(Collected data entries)

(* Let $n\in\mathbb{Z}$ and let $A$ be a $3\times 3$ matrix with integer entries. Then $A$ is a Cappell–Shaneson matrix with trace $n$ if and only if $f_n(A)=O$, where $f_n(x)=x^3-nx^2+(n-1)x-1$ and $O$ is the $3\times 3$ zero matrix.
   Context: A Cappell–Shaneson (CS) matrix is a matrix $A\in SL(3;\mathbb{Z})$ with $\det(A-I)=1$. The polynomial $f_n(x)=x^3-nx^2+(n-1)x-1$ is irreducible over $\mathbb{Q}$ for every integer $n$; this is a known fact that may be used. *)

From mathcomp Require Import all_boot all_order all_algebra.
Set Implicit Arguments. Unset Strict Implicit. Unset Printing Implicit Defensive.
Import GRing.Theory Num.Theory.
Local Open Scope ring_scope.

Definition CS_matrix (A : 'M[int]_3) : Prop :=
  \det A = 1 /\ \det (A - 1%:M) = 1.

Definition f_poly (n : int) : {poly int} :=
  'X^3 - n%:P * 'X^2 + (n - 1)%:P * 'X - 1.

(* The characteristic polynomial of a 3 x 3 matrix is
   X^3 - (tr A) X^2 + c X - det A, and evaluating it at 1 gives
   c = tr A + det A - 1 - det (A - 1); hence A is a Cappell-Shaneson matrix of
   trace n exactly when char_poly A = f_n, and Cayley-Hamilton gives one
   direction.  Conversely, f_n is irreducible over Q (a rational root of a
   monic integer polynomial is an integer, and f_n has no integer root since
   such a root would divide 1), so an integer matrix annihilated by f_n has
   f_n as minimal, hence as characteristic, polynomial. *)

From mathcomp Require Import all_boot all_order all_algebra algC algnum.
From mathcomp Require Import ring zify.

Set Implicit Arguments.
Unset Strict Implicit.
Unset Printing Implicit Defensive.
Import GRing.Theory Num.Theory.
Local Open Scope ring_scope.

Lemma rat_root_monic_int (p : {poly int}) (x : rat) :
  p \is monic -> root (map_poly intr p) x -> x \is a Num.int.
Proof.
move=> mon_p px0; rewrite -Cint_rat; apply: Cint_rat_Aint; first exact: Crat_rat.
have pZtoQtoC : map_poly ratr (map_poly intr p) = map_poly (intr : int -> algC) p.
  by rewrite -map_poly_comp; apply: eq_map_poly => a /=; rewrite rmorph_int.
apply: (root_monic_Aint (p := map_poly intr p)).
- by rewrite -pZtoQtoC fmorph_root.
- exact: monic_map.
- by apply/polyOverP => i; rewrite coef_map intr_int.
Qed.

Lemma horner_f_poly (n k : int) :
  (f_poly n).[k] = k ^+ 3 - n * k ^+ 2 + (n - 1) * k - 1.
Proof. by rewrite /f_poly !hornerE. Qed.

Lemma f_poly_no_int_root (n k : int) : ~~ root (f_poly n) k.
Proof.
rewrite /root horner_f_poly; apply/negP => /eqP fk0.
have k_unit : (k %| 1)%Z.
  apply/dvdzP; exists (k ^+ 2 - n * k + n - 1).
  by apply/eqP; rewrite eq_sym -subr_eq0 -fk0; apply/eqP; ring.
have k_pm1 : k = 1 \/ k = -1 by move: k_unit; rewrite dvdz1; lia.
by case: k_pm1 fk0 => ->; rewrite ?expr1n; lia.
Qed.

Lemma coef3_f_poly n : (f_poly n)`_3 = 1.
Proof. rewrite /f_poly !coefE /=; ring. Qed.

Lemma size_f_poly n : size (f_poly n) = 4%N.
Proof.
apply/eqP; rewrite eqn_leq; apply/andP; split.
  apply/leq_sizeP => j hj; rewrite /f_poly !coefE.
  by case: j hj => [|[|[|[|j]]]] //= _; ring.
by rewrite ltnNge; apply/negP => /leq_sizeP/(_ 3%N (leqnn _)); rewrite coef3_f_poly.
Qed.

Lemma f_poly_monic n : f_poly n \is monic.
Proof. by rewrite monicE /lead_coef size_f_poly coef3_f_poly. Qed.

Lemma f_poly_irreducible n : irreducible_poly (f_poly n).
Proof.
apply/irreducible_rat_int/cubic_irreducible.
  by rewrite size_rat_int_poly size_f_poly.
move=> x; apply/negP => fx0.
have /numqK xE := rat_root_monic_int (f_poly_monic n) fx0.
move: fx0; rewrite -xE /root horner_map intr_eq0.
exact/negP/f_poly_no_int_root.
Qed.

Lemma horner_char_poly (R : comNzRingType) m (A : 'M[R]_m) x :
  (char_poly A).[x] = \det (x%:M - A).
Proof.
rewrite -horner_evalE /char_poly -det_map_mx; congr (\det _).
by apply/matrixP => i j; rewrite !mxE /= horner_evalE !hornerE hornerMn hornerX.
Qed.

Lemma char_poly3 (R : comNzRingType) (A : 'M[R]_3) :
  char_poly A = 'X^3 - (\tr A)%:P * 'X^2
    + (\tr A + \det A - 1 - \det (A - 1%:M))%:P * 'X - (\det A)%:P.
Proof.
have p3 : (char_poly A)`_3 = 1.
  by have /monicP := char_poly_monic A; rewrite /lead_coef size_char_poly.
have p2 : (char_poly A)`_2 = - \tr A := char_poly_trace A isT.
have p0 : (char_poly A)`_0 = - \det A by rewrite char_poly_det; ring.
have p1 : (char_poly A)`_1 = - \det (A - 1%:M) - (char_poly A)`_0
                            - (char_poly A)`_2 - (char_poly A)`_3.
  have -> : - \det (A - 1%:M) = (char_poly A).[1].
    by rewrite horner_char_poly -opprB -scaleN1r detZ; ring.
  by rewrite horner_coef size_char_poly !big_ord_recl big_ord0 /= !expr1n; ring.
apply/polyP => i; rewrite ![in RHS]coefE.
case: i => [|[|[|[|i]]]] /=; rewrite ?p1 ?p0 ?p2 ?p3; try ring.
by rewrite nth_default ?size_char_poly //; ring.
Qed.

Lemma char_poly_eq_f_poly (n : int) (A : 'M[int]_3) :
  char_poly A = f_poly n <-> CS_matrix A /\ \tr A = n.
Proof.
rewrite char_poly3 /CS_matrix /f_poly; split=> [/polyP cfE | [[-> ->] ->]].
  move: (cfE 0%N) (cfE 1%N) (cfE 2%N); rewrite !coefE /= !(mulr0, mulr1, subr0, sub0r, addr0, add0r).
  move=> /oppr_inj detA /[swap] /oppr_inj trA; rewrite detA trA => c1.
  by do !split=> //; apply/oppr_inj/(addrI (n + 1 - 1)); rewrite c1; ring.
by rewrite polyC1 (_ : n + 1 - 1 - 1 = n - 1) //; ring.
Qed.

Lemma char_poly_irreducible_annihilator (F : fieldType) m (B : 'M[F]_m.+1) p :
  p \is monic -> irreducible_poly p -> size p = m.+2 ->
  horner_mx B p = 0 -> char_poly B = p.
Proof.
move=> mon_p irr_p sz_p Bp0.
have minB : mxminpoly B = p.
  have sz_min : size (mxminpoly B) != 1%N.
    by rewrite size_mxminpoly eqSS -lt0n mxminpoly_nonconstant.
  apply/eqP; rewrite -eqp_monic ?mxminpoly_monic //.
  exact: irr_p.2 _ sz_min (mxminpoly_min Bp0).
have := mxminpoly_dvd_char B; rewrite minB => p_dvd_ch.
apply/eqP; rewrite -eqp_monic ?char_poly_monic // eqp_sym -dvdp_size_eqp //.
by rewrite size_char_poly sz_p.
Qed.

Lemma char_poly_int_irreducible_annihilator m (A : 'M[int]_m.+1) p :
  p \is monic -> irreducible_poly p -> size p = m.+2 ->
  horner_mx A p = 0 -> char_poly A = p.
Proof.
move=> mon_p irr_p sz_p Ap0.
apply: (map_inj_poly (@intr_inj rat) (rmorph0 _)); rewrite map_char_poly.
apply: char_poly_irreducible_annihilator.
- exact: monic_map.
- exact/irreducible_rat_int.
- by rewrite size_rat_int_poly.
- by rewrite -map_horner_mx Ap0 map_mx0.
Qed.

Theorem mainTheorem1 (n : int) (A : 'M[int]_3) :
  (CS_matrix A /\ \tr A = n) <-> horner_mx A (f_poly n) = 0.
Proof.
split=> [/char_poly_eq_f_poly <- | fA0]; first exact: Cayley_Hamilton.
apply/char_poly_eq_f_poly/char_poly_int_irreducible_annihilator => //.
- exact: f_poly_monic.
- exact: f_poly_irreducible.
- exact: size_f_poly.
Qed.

→ ACTIVITY: List every line in the records above that contains the word "integer".

→ WRITTEN RESPONSE:
(* Let $n\in\mathbb{Z}$ and let $A$ be a $3\times 3$ matrix with integer entries. Then $A$ is a Cappell–Shaneson matrix with trace $n$ if and only if $f_n(A)=O$, where $f_n(x)=x^3-nx^2+(n-1)x-1$ and $O$ is the $3\times 3$ zero matrix.
   Context: A Cappell–Shaneson (CS) matrix is a matrix $A\in SL(3;\mathbb{Z})$ with $\det(A-I)=1$. The polynomial $f_n(x)=x^3-nx^2+(n-1)x-1$ is irreducible over $\mathbb{Q}$ for every integer $n$; this is a known fact that may be used. *)
   monic integer polynomial is an integer, and f_n has no integer root since
   such a root would divide 1), so an integer matrix annihilated by f_n has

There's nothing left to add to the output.